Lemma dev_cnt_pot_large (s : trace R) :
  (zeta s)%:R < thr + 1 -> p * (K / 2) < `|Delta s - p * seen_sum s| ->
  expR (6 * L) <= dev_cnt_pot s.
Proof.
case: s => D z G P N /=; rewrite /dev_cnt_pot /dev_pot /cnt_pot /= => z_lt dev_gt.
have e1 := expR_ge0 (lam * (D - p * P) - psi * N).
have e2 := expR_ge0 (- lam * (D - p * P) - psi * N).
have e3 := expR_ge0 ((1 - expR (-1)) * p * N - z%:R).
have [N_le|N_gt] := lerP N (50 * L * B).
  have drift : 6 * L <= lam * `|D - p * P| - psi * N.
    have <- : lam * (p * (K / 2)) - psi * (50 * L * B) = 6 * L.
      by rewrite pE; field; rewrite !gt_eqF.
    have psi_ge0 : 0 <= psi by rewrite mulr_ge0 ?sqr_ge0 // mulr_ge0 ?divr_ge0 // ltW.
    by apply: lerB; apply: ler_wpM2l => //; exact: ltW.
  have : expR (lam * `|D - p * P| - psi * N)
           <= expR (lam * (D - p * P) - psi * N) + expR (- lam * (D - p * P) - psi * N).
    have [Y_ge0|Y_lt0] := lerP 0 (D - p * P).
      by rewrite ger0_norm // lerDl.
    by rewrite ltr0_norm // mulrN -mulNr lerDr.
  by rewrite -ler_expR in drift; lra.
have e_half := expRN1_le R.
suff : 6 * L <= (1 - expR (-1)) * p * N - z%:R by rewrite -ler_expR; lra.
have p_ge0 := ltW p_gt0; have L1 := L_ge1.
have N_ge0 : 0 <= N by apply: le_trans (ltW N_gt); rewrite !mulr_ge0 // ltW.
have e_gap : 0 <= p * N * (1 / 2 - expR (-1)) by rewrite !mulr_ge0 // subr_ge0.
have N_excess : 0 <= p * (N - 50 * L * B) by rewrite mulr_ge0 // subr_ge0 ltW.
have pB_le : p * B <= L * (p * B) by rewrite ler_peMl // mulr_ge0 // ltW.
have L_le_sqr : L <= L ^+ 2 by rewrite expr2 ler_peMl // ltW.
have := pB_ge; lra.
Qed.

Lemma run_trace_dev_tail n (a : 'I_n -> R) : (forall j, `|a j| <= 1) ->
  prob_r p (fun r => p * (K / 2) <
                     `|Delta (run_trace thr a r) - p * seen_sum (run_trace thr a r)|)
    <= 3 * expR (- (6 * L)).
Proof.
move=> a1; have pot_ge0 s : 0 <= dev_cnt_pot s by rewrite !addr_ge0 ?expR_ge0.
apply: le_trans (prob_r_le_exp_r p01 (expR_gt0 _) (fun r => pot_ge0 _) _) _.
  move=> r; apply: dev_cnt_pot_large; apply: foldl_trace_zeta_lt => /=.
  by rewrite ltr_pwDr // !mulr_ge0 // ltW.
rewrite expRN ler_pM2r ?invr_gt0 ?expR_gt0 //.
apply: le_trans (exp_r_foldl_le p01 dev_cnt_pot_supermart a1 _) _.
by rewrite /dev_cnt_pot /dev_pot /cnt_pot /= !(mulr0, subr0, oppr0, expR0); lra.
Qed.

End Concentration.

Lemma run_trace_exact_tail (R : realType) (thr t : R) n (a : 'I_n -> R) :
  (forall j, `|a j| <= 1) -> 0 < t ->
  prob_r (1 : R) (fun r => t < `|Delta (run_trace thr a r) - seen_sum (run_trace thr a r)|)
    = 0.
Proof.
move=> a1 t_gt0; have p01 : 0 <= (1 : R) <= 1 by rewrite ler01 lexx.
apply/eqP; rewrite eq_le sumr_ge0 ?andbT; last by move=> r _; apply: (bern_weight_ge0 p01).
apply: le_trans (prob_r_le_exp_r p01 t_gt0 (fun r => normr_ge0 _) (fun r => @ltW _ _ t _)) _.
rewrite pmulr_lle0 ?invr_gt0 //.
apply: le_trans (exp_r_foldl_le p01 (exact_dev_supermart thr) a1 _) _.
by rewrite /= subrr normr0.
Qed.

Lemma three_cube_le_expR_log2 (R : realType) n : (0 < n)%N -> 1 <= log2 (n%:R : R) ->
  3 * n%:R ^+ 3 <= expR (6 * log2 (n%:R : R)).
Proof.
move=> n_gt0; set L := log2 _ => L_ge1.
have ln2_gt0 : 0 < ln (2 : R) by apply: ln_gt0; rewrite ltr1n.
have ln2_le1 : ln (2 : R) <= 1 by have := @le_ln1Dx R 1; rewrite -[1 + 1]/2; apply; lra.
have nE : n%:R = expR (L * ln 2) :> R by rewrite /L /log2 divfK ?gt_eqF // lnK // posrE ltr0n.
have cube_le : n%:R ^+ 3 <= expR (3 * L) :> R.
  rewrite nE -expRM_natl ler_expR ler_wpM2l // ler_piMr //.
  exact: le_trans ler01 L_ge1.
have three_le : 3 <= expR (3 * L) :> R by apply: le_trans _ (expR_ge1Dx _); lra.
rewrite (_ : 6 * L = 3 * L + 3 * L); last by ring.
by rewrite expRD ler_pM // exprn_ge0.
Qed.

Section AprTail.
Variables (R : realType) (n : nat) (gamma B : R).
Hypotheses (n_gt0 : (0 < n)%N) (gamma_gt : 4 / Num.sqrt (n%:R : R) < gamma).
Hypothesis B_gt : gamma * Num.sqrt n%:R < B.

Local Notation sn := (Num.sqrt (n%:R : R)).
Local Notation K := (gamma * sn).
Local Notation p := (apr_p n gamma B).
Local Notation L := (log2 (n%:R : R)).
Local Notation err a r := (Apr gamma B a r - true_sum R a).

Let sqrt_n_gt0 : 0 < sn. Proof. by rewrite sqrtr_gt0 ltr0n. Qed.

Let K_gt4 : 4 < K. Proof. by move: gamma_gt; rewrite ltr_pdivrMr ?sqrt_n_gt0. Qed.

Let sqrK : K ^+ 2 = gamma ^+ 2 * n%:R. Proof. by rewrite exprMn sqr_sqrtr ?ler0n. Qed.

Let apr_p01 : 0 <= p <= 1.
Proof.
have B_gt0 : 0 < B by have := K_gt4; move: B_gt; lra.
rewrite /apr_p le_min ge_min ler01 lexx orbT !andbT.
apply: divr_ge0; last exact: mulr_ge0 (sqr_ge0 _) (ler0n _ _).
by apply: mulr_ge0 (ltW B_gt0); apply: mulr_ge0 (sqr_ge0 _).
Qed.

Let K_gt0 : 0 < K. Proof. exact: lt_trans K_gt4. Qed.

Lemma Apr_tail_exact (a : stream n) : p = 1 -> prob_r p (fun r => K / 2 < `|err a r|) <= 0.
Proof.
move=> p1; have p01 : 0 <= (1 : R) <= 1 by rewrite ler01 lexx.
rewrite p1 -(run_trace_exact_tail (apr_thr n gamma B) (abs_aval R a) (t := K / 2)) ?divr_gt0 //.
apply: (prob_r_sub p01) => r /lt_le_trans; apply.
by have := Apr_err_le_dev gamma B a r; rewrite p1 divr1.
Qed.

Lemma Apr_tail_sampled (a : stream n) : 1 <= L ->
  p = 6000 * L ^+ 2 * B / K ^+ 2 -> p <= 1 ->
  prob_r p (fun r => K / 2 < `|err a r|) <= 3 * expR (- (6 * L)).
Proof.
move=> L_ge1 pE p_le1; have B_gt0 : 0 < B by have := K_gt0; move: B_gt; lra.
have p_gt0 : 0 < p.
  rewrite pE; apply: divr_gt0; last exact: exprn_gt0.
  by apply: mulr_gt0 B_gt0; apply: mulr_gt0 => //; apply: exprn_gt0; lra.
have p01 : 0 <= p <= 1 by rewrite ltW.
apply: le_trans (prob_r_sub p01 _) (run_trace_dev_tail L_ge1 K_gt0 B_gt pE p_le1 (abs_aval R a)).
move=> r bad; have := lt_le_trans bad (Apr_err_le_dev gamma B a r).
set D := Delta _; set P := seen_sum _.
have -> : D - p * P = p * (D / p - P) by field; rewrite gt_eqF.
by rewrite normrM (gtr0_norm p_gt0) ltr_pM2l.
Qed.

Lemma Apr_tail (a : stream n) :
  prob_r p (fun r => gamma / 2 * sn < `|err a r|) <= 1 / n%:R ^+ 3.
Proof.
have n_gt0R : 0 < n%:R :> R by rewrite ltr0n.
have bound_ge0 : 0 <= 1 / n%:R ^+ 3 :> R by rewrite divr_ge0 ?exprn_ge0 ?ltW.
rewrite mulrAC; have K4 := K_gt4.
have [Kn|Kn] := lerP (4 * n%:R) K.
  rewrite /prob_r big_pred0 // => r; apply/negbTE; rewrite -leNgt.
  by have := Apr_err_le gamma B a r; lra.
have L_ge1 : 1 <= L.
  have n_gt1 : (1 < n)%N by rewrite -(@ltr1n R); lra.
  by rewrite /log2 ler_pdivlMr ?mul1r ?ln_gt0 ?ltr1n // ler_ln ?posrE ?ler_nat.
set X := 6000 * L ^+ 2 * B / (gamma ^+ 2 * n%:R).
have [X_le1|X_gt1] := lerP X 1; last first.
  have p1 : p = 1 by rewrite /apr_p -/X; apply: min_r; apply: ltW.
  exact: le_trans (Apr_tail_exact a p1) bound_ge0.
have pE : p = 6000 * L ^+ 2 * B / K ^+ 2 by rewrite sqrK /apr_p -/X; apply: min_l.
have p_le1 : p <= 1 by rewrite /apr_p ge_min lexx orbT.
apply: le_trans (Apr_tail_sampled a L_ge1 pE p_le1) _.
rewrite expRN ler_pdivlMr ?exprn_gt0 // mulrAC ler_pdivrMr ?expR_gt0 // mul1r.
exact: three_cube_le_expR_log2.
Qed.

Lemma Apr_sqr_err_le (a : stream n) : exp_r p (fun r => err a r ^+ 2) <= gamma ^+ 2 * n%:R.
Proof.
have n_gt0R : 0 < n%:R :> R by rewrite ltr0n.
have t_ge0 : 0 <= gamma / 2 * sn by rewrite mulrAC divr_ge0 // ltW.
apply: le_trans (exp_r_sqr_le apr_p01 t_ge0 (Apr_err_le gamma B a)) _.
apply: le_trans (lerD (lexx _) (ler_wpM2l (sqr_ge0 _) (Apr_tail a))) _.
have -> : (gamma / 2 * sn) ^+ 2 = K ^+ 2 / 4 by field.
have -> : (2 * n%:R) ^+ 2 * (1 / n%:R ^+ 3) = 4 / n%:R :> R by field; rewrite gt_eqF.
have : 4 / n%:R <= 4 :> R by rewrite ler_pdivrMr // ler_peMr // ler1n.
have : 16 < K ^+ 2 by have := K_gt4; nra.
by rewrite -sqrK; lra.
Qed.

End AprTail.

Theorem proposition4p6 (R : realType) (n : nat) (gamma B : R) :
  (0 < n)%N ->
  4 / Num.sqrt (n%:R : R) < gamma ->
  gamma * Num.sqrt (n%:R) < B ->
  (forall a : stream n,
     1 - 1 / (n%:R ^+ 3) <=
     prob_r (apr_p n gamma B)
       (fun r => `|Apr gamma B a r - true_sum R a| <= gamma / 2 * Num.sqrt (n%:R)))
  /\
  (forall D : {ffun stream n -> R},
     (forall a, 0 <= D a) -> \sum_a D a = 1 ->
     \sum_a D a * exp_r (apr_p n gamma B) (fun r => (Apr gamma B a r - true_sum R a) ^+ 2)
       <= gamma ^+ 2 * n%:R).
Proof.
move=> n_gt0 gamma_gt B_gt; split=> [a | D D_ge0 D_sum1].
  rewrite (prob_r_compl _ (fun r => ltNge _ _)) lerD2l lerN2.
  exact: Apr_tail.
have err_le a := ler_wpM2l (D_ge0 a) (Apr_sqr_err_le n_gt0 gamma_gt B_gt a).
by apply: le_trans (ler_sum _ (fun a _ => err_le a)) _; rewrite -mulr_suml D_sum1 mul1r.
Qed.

##########

Please reproduce, exactly as they appear above, the lines from the line containing "apply: le_trans (prob_r_sub" up to and including the line containing "exact: le_trans (Apr_tail_exact".

Written answer:
apply: le_trans (prob_r_sub p01 _) (run_trace_dev_tail L_ge1 K_gt0 B_gt pE p_le1 (abs_aval R a)).
move=> r bad; have := lt_le_trans bad (Apr_err_le_dev gamma B a r).
set D := Delta _; set P := seen_sum _.
have -> : D - p * P = p * (D / p - P) by field; rewrite gt_eqF.
by rewrite normrM (gtr0_norm p_gt0) ltr_pM2l.
Qed.

Lemma Apr_tail (a : stream n) :
  prob_r p (fun r => gamma / 2 * sn < `|err a r|) <= 1 / n%:R ^+ 3.
Proof.
have n_gt0R : 0 < n%:R :> R by rewrite ltr0n.
have bound_ge0 : 0 <= 1 / n%:R ^+ 3 :> R by rewrite divr_ge0 ?exprn_ge0 ?ltW.
rewrite mulrAC; have K4 := K_gt4.
have [Kn|Kn] := lerP (4 * n%:R) K.
  rewrite /prob_r big_pred0 // => r; apply/negbTE; rewrite -leNgt.
  by have := Apr_err_le gamma B a r; lra.
have L_ge1 : 1 <= L.
  have n_gt1 : (1 < n)%N by rewrite -(@ltr1n R); lra.
  by rewrite /log2 ler_pdivlMr ?mul1r ?ln_gt0 ?ltr1n // ler_ln ?posrE ?ler_nat.
set X := 6000 * L ^+ 2 * B / (gamma ^+ 2 * n%:R).
have [X_le1|X_gt1] := lerP X 1; last first.
  have p1 : p = 1 by rewrite /apr_p -/X; apply: min_r; apply: ltW.
  exact: le_trans (Apr_tail_exact a p1) bound_ge0.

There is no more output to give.